WORK TASK:
Return copies of the lines below that mention "König".

Saved data entries:
☆ ☆ ☆ ☆ ☆

(* Let $d\ge1$ and let $1\le k\le 2d$ be an integer with $k(k-1)<2d(2d-1)/c(d)$. Then $\theta^{\rm B}(k,d)=0$.
   Context: For integers $d\ge1$ and $1\le k\le 2d$, let each vertex $x\in\mathbb{Z}^d$, independently of all others, choose a uniformly random subset of exactly $k$ of its $2d$ nearest neighbors (in $\ell_1$-distance). The bidirectional $k$-neighbor graph ($k$-BnG) on $\mathbb{Z}^d$ has an undirected edge between nearest neighbors $x,y$ if and only if $x$ chose $y$ and $y$ chose $x$. We write $\theta^{\rm B}(k,d)=\mathbb{P}(o\rightsquigarrow\infty\text{ in the $k$-BnG on }\mathbb{Z}^d)$, where $o$ is the origin and $o\rightsquigarrow\infty$ is the event that there is an infinite self-avoiding path of edges of the $k$-BnG starting at $o$. The connective constant of $\mathbb{Z}^d$ is $c(d)=\lim_{n\to\infty}c_n(d)^{1/n}$, where $c_n(d)$ is the number of self-avoiding nearest-neighbor paths of length $n$ in $\mathbb{Z}^d$ starting at the origin. *)

From HB Require Import structures.
From mathcomp Require Import all_boot all_order all_algebra.
From mathcomp Require Import all_classical all_reals all_analysis.
Set Implicit Arguments. Unset Strict Implicit. Unset Printing Implicit Defensive.
Import Order.TTheory GRing.Theory Num.Theory.
Local Open Scope classical_set_scope.
Local Open Scope ring_scope.

Definition site (d : nat) := {ffun 'I_d -> int}.

(* The 2d nearest-neighbour directions: (i, true) is +e_i, (i, false) is -e_i. *)
Definition dir (d : nat) := ('I_d * bool)%type.

Definition step (d : nat) (v : dir d) : site d :=
  [ffun j => if j == v.1 then (if v.2 then 1 else -1) else 0].

Definition origin (d : nat) : site d := [ffun => 0].

Definition opp_dir (d : nat) (v : dir d) : dir d := (v.1, ~~ v.2).

Fixpoint traj (d : nat) (x : site d) (w : seq (dir d)) : seq (site d) :=
  match w with
  | [::] => [:: x]
  | v :: w' => x :: traj (x + step v) w'
  end.

Definition saw_count (d n : nat) : nat :=
  #|[set w : n.-tuple (dir d) | uniq (traj (origin d) w)]|.

Definition conn_const (R : realType) (d : nat) : R :=
  limn (fun n : nat => ((saw_count d n)%:R : R) `^ (n%:R)^-1).

Definition unif_k (R : realType) (d k : nat) (S : {set dir d}) : R :=
  if #|S| == k then ('C(2 * d, k)%:R)^-1 else 0.

(* C : site d -> Omega -> {set dir d} is a family of independent choices,
   each a uniformly random k-subset of the 2d neighbours: all the events
   {C x = S} are measurable and every finite-dimensional joint law is
   the product of the uniform laws. *)
Definition iid_uniform_choices (R : realType) (dd : measure_display)
  (Omega : measurableType dd) (P : probability Omega R) (d k : nat)
  (C : site d -> Omega -> {set dir d}) : Prop :=
  (forall x S, measurable (C x @^-1` [set S])) /\
  (forall (s : seq (site d)) (S : site d -> {set dir d}), uniq s ->
     P (\big[setI/setT]_(x <- s) (C x @^-1` [set S x]))
     = (\prod_(x <- s) @unif_k R d k (S x))%:E).

Definition bng_edge (d : nat) (Omega : Type) (C : site d -> Omega -> {set dir d})
  (om : Omega) (x y : site d) : Prop :=
  exists v : dir d, y = x + step v /\ v \in C x om /\ opp_dir v \in C y om.

Definition percolates (d : nat) (Omega : Type) (C : site d -> Omega -> {set dir d})
  (om : Omega) : Prop :=
  exists p : nat -> site d,
    p 0%N = origin d /\ injective p /\ forall n, bng_edge C om (p n) (p n.+1).

From HB Require Import structures.
From mathcomp Require Import all_boot all_order all_algebra.
From mathcomp Require Import all_classical all_reals all_analysis.
From mathcomp Require Import zify.
Import Order.TTheory GRing.Theory Num.Theory numFieldNormedType.Exports.
Local Open Scope classical_set_scope.
Local Open Scope ring_scope.
Set Implicit Arguments. Unset Strict Implicit. Unset Printing Implicit Defensive.

(* If the origin percolates, then for every n some self-avoiding walk of length
   n+1 from the origin has all its edges open; by König's lemma this
   characterises percolation, which is therefore a measurable event.  Along a
   fixed self-avoiding walk, each of its n interior vertices must have chosen
   both of its walk neighbours; a uniform k-subset of the 2d directions does so
   with probability q = k(k-1)/(2d(2d-1)), independently over distinct
   vertices.  A union bound over walks gives P(o ~> oo) <= c_{n+1}(d) q^n, which
   tends to 0 because c_n(d)^{1/n} -> c(d) and q c(d) < 1. *)

Section OpenWalks.
Variables (d : nat) (Omega : Type) (C : site d -> Omega -> {set dir d}) (om : Omega).

Definition open_dir (x : site d) (v : dir d) : bool :=
  (v \in C x om) && (opp_dir v \in C (x + step v) om).

Fixpoint open_walk (x : site d) (w : seq (dir d)) : bool :=
  if w is v :: w' then open_dir x v && open_walk (x + step v) w' else true.

Definition open_saw (n : nat) : Prop :=
  exists w : n.-tuple (dir d), uniq (traj (origin d) w) && open_walk (origin d) w.

Definition extendable (visited : seq (site d)) (x : site d) : Prop :=
  forall m, exists w : seq (dir d),
    [/\ (m <= size w)%N, open_walk x w & uniq (visited ++ traj x w)].

(* König's lemma: x has finitely many neighbours, so if every neighbour were
   a dead end beyond some depth, so would be x. *)
Lemma extendable_step visited x : extendable visited x ->
  exists v, open_dir x v /\ extendable (rcons visited x) (x + step v).
Proof.
move=> ext; apply/not_existsP => dead.
have depth v : exists m : nat, forall w : seq (dir d), (m <= size w)%N ->
    open_dir x v -> open_walk (x + step v) w ->
    ~~ uniq (rcons visited x ++ traj (x + step v) w).
  have [xv|] := boolP (open_dir x v); last by exists 0%N.
  have /existsNP[m /forallNP mE] : ~ extendable (rcons visited x) (x + step v).
    by move=> ext'; apply: (dead v).
  by exists m => w mw _ wo; apply/negP => wu; apply: (mE w).
have [f fE] := choice depth.
have [[|v w] [//= mw /andP[xv wo] wu]] := ext (\max_(v : dir d) f v).+1.
have /(_ _ xv wo)/negP[] := fE v w; last by rewrite cat_rcons.
by apply: leq_trans (leq_bigmax v) _; rewrite -ltnS.
Qed.

Lemma open_saws_percolates : (forall n, open_saw n) -> percolates C om.
Proof.
move=> saws.
have ext0 : extendable [::] (origin d).
  by move=> m; have [w /andP[wu wo]] := saws m; exists w; rewrite size_tuple.
have [w1 _] := saws 1%N; pose v0 := thead w1.
have next (s : seq (site d) * site d) : exists v : dir d, extendable s.1 s.2 ->
    open_dir s.2 v /\ extendable (rcons s.1 s.2) (s.2 + step v).
  have [/extendable_step[v vE]|] := pselect (extendable s.1 s.2); last by exists v0.
  by exists v.
have [f fE] := choice next.
pose fix state n : seq (site d) * site d :=
  if n is n'.+1 then (rcons (state n').1 (state n').2, (state n').2 + step (f (state n')))
  else ([::], origin d).
pose p n := (state n).2.
have ext n : extendable (state n).1 (state n).2.
  by elim: n => [|n IH] //=; have [] := fE _ IH.
have visitedE n : (state n).1 = map p (iota 0 n).
  by elim: n => [//|n IH]; rewrite [LHS]/= IH -cats1 -addn1 iotaD map_cat.
have fresh m n : (m < n)%N -> p m != p n.
  move=> mn; have [w [_ _]] := ext n 0%N.
  rewrite cat_uniq visitedE => /and3P[_ /hasPn/(_ (p n)) pn _].
  have {pn} : p n \notin map p (iota 0 n) by apply: pn; case: w => [|? ?]; rewrite mem_head.
  by apply: contraNneq => <-; apply: map_f; rewrite mem_iota.
exists p; split => //; split => [m n|n].
  by move/eqP; apply: contraTeq; case: ltngtP => // mn _; [|rewrite eq_sym]; apply: fresh.
by exists (f (state n)); have [/andP[]] := fE _ (ext n).
Qed.
Lemma A0_blocks_vanish_compact U : A0 U -> blocks_vanish U -> compact_op U.
Proof.
move=> hU Uvan; split=> [|x M hx hM]; first exact: hU.1.
have [c [c0 Uc]] := entry_bounded hU.1.
have Ublock n i j : sqmod (block U n i j) <= c by rewrite mxE.
have M0 : 0 <= M by have := hM 0%N 0%N; rewrite psum2_0.
have [d [d_inc d_cauchy]] :=
  diagonal_subseq (fun j k => le_trans (sqmod_le_psum2 _ _) (hM j k.+1)).
exists d; split=> // eps eps_gt0.
have [del [del_gt0 delE]] : exists del : R, 0 < del /\ del * (4 * (M + 1)) = eps / 8.
  exists (eps / (32 * (M + 1))); split; first by apply: divr_gt0 => //; lra.
  by field; lra.
have [Q UQ] := Uvan del del_gt0.
have Q0 : 0 <= (Q.*2)%:R :> R := ler0n _ _.
have [eta [eta_gt0 etaE]] :
    exists eta : R, 0 < eta /\ (c + 1) * (((Q.*2)%:R + 1) * eta) = eps / 8.
  exists (eps / (8 * (c + 1) * ((Q.*2)%:R + 1))).
  by split; [apply: divr_gt0 => //; apply: mulr_gt0; lra | field; lra].
have [N hN] := cauchy_seq_uniform Q.*2 d_cauchy eta_gt0.
exists N => a b Na Nb n; set y := vsub (x (d a)) (x (d b)).
have hy : ell2 y by apply: ell2_sub.
rewrite -(bounded_opB hU.1 (hx _) (hx _)).
apply: le_trans (psum2_le_psum2 _ (_ : n <= n.*2)%N) _; first by rewrite -addnn leq_addr.
apply: le_trans (psum2_A0_le hU hy Ublock UQ n) _.
have low : c * psum2 y (minn n Q).*2 <= eps / 8.
  have : psum2 y (minn n Q).*2 <= (Q.*2)%:R * eta.
    apply: le_trans (psum2_le_const (hN a b Na Nb) _) _; first by rewrite leq_double geq_minr.
    by rewrite ler_pM2r // ler_nat leq_double geq_minr.
  move=> /(ler_wpM2l c0) /le_trans; apply.
  by rewrite -etaE !mulrA ler_pM2r //; nra.
have high : del * psum2 y n.*2 <= eps / 8.
  have : psum2 y n.*2 <= 4 * M.
    have := psum2_subB (x (d a)) (x (d b)) n.*2.
    by have := hM (d a) n.*2; have := hM (d b) n.*2; lra.
  move=> /(ler_wpM2l (ltW del_gt0)) /le_trans; apply.
  by rewrite -delE ler_pM2l //; lra.
lra.
Qed.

☆ ☆ ☆ ☆ ☆

RESULT:
   n+1 from the origin has all its edges open; by König's lemma this
(* König's lemma: x has finitely many neighbours, so if every neighbour were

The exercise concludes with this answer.